**What you should do:**
Only the line with "by move=> PE;" and the lines after it, to the end of the data, should appear in the answer, each reproduced exactly.

[Opening Working data section]

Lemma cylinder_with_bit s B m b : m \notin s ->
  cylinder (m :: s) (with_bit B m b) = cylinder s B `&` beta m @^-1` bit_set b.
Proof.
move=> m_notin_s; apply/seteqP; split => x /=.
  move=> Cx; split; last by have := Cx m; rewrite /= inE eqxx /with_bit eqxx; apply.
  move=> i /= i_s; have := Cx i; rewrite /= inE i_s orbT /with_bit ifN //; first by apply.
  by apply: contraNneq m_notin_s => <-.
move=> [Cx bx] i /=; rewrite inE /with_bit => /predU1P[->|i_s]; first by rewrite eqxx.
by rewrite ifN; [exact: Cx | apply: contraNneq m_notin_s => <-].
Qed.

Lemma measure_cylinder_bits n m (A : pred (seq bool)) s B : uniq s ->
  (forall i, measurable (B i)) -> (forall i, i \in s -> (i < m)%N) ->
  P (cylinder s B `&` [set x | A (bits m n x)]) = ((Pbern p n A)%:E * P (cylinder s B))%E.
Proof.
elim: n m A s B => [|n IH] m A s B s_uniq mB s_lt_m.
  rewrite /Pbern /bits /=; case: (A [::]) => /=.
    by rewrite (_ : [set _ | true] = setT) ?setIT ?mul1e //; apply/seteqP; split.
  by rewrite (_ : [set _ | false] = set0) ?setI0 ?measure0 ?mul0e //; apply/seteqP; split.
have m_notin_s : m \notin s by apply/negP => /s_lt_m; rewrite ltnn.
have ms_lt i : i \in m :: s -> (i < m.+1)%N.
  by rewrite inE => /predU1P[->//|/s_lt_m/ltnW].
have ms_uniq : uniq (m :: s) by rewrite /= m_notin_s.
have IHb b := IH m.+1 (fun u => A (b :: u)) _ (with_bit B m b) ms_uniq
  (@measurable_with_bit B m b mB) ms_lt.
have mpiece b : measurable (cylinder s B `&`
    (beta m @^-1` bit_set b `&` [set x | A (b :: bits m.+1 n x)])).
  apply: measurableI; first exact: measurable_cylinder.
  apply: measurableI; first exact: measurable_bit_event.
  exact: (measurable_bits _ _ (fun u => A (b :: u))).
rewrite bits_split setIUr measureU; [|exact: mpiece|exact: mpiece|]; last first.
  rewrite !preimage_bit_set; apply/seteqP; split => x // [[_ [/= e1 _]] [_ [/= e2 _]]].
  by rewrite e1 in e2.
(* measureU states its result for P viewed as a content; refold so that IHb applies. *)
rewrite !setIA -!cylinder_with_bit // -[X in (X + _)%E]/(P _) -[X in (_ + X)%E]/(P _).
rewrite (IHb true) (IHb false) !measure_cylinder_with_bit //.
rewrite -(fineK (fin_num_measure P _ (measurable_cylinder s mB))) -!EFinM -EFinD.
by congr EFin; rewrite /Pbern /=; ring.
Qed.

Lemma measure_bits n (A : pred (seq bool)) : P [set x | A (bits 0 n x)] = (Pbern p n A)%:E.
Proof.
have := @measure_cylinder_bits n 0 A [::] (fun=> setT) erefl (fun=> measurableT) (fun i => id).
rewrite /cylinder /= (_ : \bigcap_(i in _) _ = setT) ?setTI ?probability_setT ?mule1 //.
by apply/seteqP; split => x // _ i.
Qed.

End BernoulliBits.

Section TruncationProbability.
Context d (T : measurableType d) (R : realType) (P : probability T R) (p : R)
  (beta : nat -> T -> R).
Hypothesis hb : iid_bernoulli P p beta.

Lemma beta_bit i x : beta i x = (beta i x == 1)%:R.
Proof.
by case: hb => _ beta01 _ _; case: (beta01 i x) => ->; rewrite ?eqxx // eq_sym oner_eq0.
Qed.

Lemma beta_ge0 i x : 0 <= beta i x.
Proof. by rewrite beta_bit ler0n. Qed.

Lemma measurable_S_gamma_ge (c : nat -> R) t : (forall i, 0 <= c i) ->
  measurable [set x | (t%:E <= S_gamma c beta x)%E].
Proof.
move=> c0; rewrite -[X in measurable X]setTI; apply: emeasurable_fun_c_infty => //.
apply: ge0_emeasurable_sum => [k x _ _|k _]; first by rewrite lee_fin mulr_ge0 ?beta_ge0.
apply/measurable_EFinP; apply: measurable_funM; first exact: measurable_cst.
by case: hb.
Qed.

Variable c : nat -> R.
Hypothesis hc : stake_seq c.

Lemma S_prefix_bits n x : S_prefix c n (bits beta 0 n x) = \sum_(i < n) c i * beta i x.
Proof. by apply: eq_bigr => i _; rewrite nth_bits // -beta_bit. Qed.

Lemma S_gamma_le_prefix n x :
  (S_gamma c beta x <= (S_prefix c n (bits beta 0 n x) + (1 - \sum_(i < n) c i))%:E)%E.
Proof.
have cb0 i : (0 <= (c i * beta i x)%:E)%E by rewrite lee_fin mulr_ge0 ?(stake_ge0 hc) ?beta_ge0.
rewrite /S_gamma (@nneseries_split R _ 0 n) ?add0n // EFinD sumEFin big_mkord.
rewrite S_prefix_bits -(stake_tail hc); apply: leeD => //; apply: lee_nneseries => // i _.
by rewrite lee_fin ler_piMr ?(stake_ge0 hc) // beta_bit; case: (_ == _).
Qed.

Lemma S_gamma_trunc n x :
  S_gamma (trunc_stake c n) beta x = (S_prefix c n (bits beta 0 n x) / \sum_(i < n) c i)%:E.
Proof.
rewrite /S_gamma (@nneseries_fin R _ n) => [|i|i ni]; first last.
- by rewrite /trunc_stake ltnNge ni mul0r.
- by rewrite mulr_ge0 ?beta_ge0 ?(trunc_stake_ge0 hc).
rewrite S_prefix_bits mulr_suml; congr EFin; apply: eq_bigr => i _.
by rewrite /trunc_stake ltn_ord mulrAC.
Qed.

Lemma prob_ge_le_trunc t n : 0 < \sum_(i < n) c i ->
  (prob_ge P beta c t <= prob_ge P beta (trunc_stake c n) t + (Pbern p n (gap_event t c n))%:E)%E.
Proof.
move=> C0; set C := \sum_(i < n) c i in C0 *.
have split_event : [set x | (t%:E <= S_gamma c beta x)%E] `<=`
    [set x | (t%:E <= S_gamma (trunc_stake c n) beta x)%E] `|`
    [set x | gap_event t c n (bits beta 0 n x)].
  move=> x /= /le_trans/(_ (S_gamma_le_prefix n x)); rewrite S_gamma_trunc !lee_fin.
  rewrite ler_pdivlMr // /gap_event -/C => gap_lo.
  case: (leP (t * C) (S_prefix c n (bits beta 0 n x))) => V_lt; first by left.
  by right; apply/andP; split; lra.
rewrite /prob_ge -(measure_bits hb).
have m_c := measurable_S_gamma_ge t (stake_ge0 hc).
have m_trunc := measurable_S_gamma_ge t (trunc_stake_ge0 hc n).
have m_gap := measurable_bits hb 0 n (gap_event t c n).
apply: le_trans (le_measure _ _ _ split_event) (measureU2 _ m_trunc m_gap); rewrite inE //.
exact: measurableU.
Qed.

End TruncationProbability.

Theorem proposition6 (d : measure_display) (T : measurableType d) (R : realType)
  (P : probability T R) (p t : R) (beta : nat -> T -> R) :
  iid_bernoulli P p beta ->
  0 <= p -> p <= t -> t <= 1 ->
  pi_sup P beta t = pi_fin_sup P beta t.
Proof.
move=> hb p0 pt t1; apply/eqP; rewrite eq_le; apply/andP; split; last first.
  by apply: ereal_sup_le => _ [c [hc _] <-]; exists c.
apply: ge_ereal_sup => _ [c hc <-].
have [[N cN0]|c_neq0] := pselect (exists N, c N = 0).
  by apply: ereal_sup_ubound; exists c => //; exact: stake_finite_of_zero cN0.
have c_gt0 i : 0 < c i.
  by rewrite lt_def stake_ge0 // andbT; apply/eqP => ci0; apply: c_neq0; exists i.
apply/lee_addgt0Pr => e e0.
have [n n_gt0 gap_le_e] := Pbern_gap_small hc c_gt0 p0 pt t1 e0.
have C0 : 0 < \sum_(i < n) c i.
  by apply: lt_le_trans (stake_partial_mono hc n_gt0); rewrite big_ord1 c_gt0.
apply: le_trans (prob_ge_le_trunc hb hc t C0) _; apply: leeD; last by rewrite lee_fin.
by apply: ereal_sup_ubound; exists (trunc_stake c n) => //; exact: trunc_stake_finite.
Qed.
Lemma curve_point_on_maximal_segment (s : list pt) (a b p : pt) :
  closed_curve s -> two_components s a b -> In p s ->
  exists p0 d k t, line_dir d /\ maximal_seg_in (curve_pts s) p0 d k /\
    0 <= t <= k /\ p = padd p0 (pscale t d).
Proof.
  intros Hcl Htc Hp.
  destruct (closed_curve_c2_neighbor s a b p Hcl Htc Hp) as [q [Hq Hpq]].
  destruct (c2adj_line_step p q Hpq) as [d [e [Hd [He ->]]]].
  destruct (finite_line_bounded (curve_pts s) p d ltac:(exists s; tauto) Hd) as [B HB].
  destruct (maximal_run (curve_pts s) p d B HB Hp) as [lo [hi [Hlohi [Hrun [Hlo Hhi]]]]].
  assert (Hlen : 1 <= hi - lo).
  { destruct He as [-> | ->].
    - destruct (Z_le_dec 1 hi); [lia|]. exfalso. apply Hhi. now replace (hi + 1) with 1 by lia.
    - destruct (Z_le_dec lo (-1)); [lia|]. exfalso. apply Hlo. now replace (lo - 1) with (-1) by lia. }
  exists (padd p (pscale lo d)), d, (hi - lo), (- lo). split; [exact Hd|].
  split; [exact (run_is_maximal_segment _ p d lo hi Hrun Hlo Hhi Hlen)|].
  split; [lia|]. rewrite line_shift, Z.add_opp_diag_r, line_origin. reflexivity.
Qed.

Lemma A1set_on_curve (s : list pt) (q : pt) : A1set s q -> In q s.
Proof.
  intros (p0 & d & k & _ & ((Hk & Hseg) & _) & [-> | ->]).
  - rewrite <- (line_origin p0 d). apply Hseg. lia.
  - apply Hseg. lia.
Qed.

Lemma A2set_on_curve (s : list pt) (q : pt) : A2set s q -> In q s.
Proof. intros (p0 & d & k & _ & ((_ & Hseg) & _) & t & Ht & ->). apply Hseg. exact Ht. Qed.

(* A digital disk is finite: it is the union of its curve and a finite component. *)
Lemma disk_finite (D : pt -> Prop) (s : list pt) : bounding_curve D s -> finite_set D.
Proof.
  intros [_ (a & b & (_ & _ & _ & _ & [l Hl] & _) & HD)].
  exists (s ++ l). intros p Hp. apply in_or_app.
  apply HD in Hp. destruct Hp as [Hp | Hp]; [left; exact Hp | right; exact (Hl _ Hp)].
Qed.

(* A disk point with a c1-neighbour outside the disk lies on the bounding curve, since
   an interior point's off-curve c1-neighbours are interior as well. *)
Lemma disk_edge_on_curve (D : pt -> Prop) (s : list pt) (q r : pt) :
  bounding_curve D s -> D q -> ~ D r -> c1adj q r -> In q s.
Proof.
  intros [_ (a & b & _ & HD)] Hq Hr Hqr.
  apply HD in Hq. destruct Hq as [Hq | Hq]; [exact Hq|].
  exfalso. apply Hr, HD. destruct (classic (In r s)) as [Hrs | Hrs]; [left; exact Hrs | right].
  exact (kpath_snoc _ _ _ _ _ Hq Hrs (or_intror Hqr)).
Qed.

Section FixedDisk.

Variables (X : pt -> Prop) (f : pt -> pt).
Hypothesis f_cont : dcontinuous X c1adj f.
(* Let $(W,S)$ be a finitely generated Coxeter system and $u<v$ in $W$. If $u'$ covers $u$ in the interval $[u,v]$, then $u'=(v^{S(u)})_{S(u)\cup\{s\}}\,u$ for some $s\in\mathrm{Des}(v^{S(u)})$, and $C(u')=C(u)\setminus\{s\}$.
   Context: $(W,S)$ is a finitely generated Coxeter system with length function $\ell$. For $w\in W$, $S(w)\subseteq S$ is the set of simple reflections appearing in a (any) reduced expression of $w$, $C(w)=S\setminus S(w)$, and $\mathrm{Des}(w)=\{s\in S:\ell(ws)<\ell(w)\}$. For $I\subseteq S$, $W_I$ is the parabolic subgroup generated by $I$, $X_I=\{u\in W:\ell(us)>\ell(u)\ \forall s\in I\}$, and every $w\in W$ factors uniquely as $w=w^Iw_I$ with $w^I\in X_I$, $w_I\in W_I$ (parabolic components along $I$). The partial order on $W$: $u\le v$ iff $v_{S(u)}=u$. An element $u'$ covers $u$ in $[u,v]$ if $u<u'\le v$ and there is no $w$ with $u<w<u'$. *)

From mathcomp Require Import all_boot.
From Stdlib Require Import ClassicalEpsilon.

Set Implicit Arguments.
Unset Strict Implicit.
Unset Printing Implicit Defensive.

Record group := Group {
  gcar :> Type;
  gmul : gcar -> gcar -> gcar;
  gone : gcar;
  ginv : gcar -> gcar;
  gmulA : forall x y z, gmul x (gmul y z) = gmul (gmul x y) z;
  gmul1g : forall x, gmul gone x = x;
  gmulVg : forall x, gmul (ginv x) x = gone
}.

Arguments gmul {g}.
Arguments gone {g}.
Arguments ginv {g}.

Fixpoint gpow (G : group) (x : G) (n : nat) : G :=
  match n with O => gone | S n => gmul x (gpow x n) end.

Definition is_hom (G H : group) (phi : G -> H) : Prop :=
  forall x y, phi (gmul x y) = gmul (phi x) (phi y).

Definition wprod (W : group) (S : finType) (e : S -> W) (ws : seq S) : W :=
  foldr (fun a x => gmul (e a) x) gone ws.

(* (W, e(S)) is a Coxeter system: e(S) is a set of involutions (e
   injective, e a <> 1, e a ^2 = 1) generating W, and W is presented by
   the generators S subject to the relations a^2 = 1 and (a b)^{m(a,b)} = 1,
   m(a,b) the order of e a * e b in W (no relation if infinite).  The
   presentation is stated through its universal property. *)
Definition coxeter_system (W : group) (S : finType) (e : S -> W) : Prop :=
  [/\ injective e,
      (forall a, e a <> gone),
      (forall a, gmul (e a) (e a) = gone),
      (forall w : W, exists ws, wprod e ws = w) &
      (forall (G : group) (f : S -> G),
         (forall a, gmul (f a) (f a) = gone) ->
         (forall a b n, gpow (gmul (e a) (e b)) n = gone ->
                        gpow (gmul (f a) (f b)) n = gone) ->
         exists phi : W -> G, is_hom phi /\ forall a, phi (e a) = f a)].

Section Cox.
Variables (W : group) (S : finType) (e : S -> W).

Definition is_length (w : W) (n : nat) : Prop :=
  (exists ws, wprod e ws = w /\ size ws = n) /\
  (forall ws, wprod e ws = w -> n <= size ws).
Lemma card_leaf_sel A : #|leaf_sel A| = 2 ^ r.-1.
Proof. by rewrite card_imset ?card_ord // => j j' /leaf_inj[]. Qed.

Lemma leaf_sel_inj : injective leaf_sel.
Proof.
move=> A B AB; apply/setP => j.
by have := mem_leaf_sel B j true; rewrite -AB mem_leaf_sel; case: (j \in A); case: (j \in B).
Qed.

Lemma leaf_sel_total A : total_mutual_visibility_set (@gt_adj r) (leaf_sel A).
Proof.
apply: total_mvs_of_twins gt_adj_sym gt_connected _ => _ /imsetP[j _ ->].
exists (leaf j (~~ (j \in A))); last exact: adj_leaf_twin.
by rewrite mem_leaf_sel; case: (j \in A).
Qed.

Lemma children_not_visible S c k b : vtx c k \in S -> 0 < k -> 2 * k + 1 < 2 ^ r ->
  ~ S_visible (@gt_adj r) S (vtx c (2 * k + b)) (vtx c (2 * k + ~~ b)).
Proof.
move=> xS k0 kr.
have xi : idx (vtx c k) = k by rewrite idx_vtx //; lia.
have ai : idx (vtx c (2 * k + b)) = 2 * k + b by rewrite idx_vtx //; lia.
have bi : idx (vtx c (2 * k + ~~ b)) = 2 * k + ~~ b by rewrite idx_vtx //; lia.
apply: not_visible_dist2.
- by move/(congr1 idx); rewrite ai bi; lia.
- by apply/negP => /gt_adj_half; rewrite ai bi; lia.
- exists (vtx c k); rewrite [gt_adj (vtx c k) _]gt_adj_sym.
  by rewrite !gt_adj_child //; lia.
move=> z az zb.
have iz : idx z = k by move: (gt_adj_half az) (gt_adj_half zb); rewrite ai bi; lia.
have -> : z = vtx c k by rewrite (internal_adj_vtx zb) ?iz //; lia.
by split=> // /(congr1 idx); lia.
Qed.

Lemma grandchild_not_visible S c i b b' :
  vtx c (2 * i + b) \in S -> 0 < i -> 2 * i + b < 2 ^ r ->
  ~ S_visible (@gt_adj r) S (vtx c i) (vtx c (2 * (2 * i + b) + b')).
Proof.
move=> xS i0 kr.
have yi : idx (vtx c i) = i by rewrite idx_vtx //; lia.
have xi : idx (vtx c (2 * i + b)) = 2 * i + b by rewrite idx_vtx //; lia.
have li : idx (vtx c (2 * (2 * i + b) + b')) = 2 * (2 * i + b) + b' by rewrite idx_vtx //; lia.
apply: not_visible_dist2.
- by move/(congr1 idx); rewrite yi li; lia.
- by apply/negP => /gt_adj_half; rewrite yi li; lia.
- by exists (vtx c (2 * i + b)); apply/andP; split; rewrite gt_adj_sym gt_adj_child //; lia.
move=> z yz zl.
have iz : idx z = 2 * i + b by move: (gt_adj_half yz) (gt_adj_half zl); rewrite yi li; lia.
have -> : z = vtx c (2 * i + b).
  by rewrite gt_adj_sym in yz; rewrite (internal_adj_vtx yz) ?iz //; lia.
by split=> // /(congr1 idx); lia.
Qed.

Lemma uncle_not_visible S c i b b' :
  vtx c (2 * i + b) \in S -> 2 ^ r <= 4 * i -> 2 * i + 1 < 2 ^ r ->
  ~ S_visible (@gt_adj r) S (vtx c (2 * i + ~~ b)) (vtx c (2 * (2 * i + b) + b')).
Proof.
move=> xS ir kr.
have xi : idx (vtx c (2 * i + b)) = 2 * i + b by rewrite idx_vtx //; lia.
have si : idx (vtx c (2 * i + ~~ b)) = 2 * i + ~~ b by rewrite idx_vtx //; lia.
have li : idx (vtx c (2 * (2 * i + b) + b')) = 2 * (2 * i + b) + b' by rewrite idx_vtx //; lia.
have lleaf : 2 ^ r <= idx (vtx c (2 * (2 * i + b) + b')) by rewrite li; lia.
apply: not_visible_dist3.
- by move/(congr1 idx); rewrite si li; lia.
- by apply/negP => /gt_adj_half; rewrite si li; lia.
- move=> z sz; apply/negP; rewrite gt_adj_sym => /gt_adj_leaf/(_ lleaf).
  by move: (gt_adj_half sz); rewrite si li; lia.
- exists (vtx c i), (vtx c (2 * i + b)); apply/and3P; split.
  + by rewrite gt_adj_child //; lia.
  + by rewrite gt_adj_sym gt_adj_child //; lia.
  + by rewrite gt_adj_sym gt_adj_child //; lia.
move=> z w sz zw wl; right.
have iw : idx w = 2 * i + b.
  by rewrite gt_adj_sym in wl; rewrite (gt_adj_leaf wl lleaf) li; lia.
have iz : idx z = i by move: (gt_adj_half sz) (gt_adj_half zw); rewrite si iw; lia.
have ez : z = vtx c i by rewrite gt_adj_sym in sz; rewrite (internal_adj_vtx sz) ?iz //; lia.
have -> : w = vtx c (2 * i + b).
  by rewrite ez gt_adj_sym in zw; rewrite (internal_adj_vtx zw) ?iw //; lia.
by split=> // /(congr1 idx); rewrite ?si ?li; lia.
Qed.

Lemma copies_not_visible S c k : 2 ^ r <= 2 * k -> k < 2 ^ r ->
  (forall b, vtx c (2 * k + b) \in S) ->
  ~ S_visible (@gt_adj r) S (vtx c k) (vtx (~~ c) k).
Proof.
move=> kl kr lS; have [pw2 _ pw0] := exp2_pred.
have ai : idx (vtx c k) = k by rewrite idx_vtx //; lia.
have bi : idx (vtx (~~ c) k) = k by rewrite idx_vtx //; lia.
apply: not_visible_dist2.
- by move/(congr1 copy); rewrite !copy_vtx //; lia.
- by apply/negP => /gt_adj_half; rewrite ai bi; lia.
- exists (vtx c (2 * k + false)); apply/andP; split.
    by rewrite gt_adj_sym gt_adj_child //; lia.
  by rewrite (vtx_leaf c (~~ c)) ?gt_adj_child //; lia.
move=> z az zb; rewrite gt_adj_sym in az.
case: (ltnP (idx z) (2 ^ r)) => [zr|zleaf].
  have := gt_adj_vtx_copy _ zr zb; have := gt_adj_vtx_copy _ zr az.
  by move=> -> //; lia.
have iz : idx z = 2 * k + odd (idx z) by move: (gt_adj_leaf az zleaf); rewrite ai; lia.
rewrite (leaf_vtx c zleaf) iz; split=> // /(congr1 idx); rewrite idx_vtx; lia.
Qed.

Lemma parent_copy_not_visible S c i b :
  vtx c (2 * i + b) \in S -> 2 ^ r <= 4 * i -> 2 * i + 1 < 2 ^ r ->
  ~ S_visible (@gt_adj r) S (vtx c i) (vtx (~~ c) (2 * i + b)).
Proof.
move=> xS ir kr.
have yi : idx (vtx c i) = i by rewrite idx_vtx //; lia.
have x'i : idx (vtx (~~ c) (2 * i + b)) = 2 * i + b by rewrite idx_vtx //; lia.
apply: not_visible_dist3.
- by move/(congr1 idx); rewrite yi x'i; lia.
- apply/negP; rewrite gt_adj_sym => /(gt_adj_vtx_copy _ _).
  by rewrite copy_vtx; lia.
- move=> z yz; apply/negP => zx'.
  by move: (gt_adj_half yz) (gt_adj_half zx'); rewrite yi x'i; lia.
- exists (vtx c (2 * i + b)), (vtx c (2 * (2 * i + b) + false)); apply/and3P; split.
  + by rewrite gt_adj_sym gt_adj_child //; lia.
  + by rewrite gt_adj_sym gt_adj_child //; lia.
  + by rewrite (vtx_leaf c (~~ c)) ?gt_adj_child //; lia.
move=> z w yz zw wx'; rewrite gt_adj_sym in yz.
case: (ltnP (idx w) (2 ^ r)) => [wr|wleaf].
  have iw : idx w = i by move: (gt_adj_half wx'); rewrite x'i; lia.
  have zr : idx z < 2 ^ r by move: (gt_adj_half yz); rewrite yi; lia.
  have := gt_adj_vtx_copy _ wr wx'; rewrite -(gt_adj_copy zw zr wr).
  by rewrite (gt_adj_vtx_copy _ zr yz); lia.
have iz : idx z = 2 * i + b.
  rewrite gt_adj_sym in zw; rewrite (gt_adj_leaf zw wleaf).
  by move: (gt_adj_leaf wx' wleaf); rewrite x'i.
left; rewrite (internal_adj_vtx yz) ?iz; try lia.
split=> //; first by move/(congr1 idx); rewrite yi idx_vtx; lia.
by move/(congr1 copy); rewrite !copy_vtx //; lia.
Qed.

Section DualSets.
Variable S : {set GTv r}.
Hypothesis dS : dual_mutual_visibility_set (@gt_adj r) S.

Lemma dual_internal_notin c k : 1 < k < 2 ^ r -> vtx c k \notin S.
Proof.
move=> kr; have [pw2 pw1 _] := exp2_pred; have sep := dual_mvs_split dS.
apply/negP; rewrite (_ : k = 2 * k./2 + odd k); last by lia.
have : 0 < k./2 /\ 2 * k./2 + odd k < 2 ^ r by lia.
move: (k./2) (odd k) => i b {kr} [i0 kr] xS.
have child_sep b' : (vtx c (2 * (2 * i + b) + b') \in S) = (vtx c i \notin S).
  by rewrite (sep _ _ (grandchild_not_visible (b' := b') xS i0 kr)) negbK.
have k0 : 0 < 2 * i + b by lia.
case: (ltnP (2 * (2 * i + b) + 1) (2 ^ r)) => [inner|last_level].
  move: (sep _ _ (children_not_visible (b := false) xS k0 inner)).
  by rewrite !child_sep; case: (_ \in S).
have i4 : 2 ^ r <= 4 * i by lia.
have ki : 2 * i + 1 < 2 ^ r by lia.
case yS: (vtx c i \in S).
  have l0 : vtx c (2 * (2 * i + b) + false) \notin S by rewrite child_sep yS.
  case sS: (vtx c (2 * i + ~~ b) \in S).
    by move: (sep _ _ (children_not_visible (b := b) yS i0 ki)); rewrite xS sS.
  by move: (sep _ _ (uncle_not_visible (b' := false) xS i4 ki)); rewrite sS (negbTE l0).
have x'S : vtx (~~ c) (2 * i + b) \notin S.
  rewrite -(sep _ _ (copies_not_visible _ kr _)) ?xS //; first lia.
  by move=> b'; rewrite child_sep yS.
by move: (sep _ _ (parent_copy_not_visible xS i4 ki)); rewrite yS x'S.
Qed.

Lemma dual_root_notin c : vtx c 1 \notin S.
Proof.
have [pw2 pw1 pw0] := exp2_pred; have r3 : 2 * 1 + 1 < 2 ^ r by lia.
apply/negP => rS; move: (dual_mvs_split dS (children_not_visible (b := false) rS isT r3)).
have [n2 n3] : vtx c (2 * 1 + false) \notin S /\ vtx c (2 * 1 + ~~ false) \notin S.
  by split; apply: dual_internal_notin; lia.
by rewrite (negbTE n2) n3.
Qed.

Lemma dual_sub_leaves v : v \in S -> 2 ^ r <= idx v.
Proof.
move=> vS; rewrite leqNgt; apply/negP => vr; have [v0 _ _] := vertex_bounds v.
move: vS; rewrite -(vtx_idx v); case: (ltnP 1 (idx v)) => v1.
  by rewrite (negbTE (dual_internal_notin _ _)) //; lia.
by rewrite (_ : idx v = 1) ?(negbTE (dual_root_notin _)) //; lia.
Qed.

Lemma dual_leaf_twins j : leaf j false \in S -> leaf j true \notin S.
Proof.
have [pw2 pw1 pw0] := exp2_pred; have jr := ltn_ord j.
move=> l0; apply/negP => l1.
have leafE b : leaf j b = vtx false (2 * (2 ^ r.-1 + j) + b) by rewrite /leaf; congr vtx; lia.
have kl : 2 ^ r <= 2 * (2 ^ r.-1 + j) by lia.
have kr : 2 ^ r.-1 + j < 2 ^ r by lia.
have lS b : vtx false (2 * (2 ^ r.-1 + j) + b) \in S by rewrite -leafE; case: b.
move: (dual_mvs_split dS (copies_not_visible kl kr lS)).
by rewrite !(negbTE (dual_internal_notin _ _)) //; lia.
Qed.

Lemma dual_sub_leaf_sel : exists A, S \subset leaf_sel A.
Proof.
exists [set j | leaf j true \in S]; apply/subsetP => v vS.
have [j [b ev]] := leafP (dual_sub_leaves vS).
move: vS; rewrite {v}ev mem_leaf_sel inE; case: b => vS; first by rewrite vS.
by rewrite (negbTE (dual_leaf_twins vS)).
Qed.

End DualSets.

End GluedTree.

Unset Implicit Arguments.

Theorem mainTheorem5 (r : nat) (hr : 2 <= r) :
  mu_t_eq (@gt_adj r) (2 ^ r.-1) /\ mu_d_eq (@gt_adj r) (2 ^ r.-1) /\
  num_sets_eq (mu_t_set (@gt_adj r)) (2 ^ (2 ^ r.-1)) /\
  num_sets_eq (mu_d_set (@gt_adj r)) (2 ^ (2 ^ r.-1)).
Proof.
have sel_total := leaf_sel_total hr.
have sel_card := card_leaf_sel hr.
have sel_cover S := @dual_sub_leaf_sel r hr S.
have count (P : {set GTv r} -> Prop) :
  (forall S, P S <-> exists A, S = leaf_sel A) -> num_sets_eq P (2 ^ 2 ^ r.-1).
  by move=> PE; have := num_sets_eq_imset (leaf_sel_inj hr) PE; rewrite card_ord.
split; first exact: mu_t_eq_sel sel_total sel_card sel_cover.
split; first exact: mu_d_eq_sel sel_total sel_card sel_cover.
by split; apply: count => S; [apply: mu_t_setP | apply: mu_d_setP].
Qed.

[Closing Working data section]

**Answer to this exercise:**
  by move=> PE; have := num_sets_eq_imset (leaf_sel_inj hr) PE; rewrite card_ord.
split; first exact: mu_t_eq_sel sel_total sel_card sel_cover.
split; first exact: mu_d_eq_sel sel_total sel_card sel_cover.
by split; apply: count => S; [apply: mu_t_setP | apply: mu_d_setP].
Qed.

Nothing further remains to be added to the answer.